Despite such recklessness, the economy is humming, and that’s a good thing. So why can’t Trump ride the wave without lying about it? What in his hagridden brain drives him to make claims so easily debunked? To wit: He claimed he “turned the economy around.” Had he done so, to a robust economy growing steadily when he took over, he’d have tanked it, which, thankfully, he didn’t. 
So what’s the point of saying something like that? And then, because lie father, lie son, Don Jr. said there was never a quarter with such high GDP growth under Obama. There were several. Nor, as junior claimed, is it true that Obama never saw growth higher than two-percent. 
As with the difference between debt and deficit, many people misunderstand how quarterly growth rates differ from annual ones. But people at high levels of government surely know, so what they claimed aren’t mistakes, they’re lies. It’s what they do. Because it’s what their diehards want, I guess. I don’t get it, but the evidence is everywhere.  
One wonders who exactly is benefitting from the growth spurt. Can those who regularly inform me of their displeasure with my writing point to something specific that’s better for them? For sure, the very wealthy can. But regular folks? Continuing an eight-year trend, many have gotten jobs, more than have lost them because of tariffs and the increased pace of outsourcing. The poor, though, especially the working poor, are undeniably worse off, caught as they are in the backwash of money flowing upward at the expense of programs that were helping them. Likewise, people with pre-existing medical conditions and those on Medicaid. And auto workers.   
While still enjoying the record profits begun under Obama, affected businesses are passing the costs of Trump’s tariffs to consumers. Other than a couple of highly-touted but isolated, brief, and minimalist boni showily handed to employees, wages are stagnant as Trump’s upside-down tax breaks are being used for enormous CEO payouts, stock buy-backs, and investor profits.  
Yet this selective economic goodness is seen, by those whose lives aren’t and won’t be improved, as justifying their glorification of Trump. It’s like his lies: in the long run they harm everyone, but are loved by Trumpists for their own dark reasons. It’s a safe assumption that when the economy tanks, as economies are wont to do, especially under pressure from massive deficits, the cultists will love him even more. Call it the Shockhome Syndrome. 
Here’s another safe bet: after months of being assured there was “no collusion” with Russia, Trumpists will be unbothered by the sudden, hoofbeat-hearing switch to “It’s not a crime.” Or, “There was no meeting before the meeting, and the ‘president’ didn’t attend it.” Or, as we’ve already seen, tapes proving the “fake news” that Trump agreed to pay off yet another playmate wasn’t fake at all. For loyalists, brazen lying has become a non-issue.  
At some point, you’d think it’d sink in that what Trump calls “fake news” is true unless proven otherwise.
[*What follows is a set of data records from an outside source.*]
(* Let $\phi$ be a uniformly convex N-function. Then the map $(\delta^-,\delta^+,t)\mapsto\phi'_{(\delta^-,\delta^+)}(t)$ is continuous on $[0,1]\times[1,\infty]\times[0,\infty)$. Furthermore, the map $(\delta^-,\delta^+,Q)\mapsto A_{(\delta^-,\delta^+)}(Q)$ is continuous on $[0,1]\times[1,\infty]\times\mathbb{R}^{n\times n}$, and the same holds with $A_{(\delta^-,\delta^+)}$ replaced by $A^{-1}_{(\delta^-,\delta^+)}$, $V_{(\delta^-,\delta^+)}$ or $V^{-1}_{(\delta^-,\delta^+)}$.
   Context: An N-function is a function $\phi:[0,\infty)\to[0,\infty)$ with right-continuous non-decreasing derivative $\phi'$, $\phi'(0)=0$, $\phi'(t)>0$ for $t>0$, $\phi'(t)\to\infty$, $\phi(t)=\int_0^t\phi'$. It is uniformly convex if $\phi\in C^1([0,\infty))\cap C^2((0,\infty))$ and $\inf_{t>0}\frac{\phi''(t)t}{\phi'(t)}+1>1$, $\sup_{t>0}\frac{\phi''(t)t}{\phi'(t)}+1<\infty$. For $0\le\delta^-\le\delta^+\le\infty$ the truncation is given by $\phi'_{(\delta^-,\delta^+)}(t):=\frac{\phi'(m)}{m}\,t$ with $m=\max(\delta^-,\min(t,\delta^+))$ (and value $0$ when $t=0$); $[1,\infty]$ carries the topology of the extended half-line. For $Q\in\mathbb{R}^{n\times n}$, $A_{(\delta^-,\delta^+)}(Q):=\phi'_{(\delta^-,\delta^+)}(|Q|)\frac{Q}{|Q|}$ and $V_{(\delta^-,\delta^+)}(Q):=\sqrt{\phi'_{(\delta^-,\delta^+)}(|Q|)|Q|}\,\frac{Q}{|Q|}$ (both $0$ at $Q=0$), $|\cdot|$ the Frobenius norm; $A^{-1}_{(\delta^-,\delta^+)}$ and $V^{-1}_{(\delta^-,\delta^+)}$ denote the inverse maps of these bijections of $\mathbb{R}^{n\times n}$. *)

From HB Require Import structures.
From mathcomp Require Import all_boot all_order all_algebra.
From mathcomp Require Import all_classical all_reals all_analysis.
Set Implicit Arguments. Unset Strict Implicit. Unset Printing Implicit Defensive.
Import Order.TTheory GRing.Theory Num.Theory.
Import numFieldNormedType.Exports.
Local Open Scope classical_set_scope.
Local Open Scope ring_scope.

Definition Nfunction (R : realType) (phi dphi : R -> R) : Prop :=
  [/\ (forall s t, 0 <= s -> s <= t -> dphi s <= dphi t),
      (forall t, 0 <= t -> (dphi x @[x --> t^'+] --> dphi t)),
      dphi 0 = 0 /\ (forall t, 0 < t -> 0 < dphi t),
      (dphi x @[x --> +oo] --> +oo)
    & (forall t, 0 <= t ->
         (phi t)%:E = (\int[lebesgue_measure]_(x in `[0%R, t]) (dphi x)%:E)%E)].

Definition unif_convex_Nfunction (R : realType) (phi dphi : R -> R) : Prop :=
  [/\ Nfunction phi dphi,
      {within `[0, +oo[, continuous dphi},
      (forall t, 0 < t -> derivable dphi t 1) /\
      {within `]0, +oo[, continuous (derive1 dphi)},
      (exists p0 : R, 1 < p0 /\
         forall t, 0 < t -> p0 <= derive1 dphi t * t / dphi t + 1)
    & (exists q0 : R,
         forall t, 0 < t -> derive1 dphi t * t / dphi t + 1 <= q0)].

Definition trunc_m (R : realType) (dm : R) (dp : \bar R) (t : R) : R :=
  Num.max dm (match dp with EFin r => Num.min t r | _ => t end).

Definition dphi_trunc (R : realType) (dphi : R -> R) (dm : R) (dp : \bar R)
  (t : R) : R :=
  if t == 0 then 0
  else dphi (trunc_m dm dp t) / trunc_m dm dp t * t.

Definition frob (R : realType) (n : nat) (Q : 'M[R]_n) : R :=
  Num.sqrt (\sum_(i < n) \sum_(j < n) Q i j ^+ 2).

Definition A_trunc (R : realType) (n : nat) (dphi : R -> R) (dm : R)
  (dp : \bar R) (Q : 'M[R]_n) : 'M[R]_n :=
  if Q == 0 then 0 else (dphi_trunc dphi dm dp (frob Q) / frob Q) *: Q.

Definition V_trunc (R : realType) (n : nat) (dphi : R -> R) (dm : R)
  (dp : \bar R) (Q : 'M[R]_n) : 'M[R]_n :=
  if Q == 0 then 0
  else (Num.sqrt (dphi_trunc dphi dm dp (frob Q) * frob Q) / frob Q) *: Q.

Definition param_dom (R : realType) : set (R * \bar R) :=
  [set d | 0 <= d.1 <= 1 /\ (1%:E <= d.2)%E].

(* Each of A, V and their inverses is a radial map Q |-> w d |Q| * Q / |Q| whose
   profile w d is, for every parameter d in [0,1] x [1,oo], an increasing
   homeomorphism of [0,oo), jointly continuous in (d, t): w d t = phi'_d(t) for A
   and w d t = sqrt(phi'_d(t) t) for V.  A radial map is as continuous as its
   profile, and it is inverted by the radial map of the inverse profile, which is
   again jointly continuous by strict monotonicity.
   Writing phi'_d(t) = phi'(m) t / m with m = max(d^-, min(t, d^+)), continuity for
   t > 0 is clear since then m > 0; at t = 0 the level m may collapse to 0, and
   continuity follows from phi'_d(t) <= phi'(sqrt t) + phi'(1) sqrt t for t <= 1.
   Strict monotonicity in t holds because m and t / m are nondecreasing in t and
   phi' is strictly increasing. *)

From HB Require Import structures.
From mathcomp Require Import all_boot all_order all_algebra.
From mathcomp Require Import all_classical all_reals all_analysis.
From mathcomp Require Import lra.
Set Implicit Arguments. Unset Strict Implicit. Unset Printing Implicit Defensive.
Import Order.TTheory GRing.Theory Num.Theory.
Import numFieldNormedType.Exports.
Local Open Scope classical_set_scope.
Local Open Scope ring_scope.

Section Frobenius.
Context {R : realType} {n : nat}.
Implicit Type Q : 'M[R]_n.

Lemma frob_ge0 Q : 0 <= frob Q.
Proof. exact: sqrtr_ge0. Qed.

Lemma frob_entry Q i j : `|Q i j| <= frob Q.
Proof.
have sqr_sums_ge0 (P : pred 'I_n) (F : 'I_n -> 'I_n -> R) :
    0 <= \sum_(k | P k) \sum_l F k l ^+ 2.
  by apply: sumr_ge0 => k _; apply: sumr_ge0 => l _; exact: sqr_ge0.
rewrite /frob -sqrtr_sqr ler_sqrt ?sqr_sums_ge0 //.
rewrite (bigD1 i) //= (bigD1 j) //= -addrA lerDl addr_ge0 ?sqr_sums_ge0 //.
by apply: sumr_ge0 => l _; exact: sqr_ge0.
Qed.

Lemma frob_eq0 Q : (frob Q == 0) = (Q == 0).
Proof.
apply/eqP/eqP => [Q0|->].
  apply/matrixP => i j; rewrite mxE; apply/normr0_eq0/eqP.
  by rewrite eq_le normr_ge0 -Q0 frob_entry.
by rewrite /frob big1 ?sqrtr0 // => i _; rewrite big1 // => j _; rewrite mxE expr0n.
Qed.

Lemma frob0 : frob (0 : 'M[R]_n) = 0.
Proof. by apply/eqP; rewrite frob_eq0. Qed.

Lemma frob_gt0 Q : Q != 0 -> 0 < frob Q.
Proof. by rewrite lt_def frob_ge0 frob_eq0 => ->. Qed.

Lemma frobZ (c : R) Q : frob (c *: Q) = `|c| * frob Q.
Proof.
rewrite /frob -sqrtr_sqr -sqrtrM ?sqr_ge0 // mulr_sumr; congr Num.sqrt.
by apply: eq_bigr => i _; rewrite mulr_sumr; apply: eq_bigr => j _; rewrite mxE exprMn.
Qed.

Lemma mx_norm_le_frob Q : `|Q| <= frob Q.
Proof.
rewrite [leLHS]/Num.norm /= mx_normrE; apply/bigmax_leP.
by split=> [|[i j] _]; [exact: frob_ge0 | exact: frob_entry].
Qed.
Nope, not for the cultists, to whom the obvious dangers of a constantly lying “president” will never occur. For everyone else -- people, that is, who see the forest and the trees -- the inability to trust a leader on critical issues because he lies about everything, is a serious matter.  
No collusion. No interference. Fake news.  
We know Russians gained entry to some voting machines, and we’ve just witnessed how easy it is to obtain complete control. Seventy-seven-thousand votes out of 135 million, changed, deleted, or influenced by trolls, is all it would have taken. 
Sounding panicky, Trump just demanded Sessions immediately end Mueller’s “rigged” investigation, while, ironically, declaring Democrats would get rid of law enforcement. His latest rally, ominously including deranged Q-Anon believers, was the ugliest yet toward journalists. 
Too many people refuse to acknowledge the peril of Trump’s perfidious, hate-mongering demagoguery. Does good economic news justify ignoring it? Decide. We’re at a crossroads.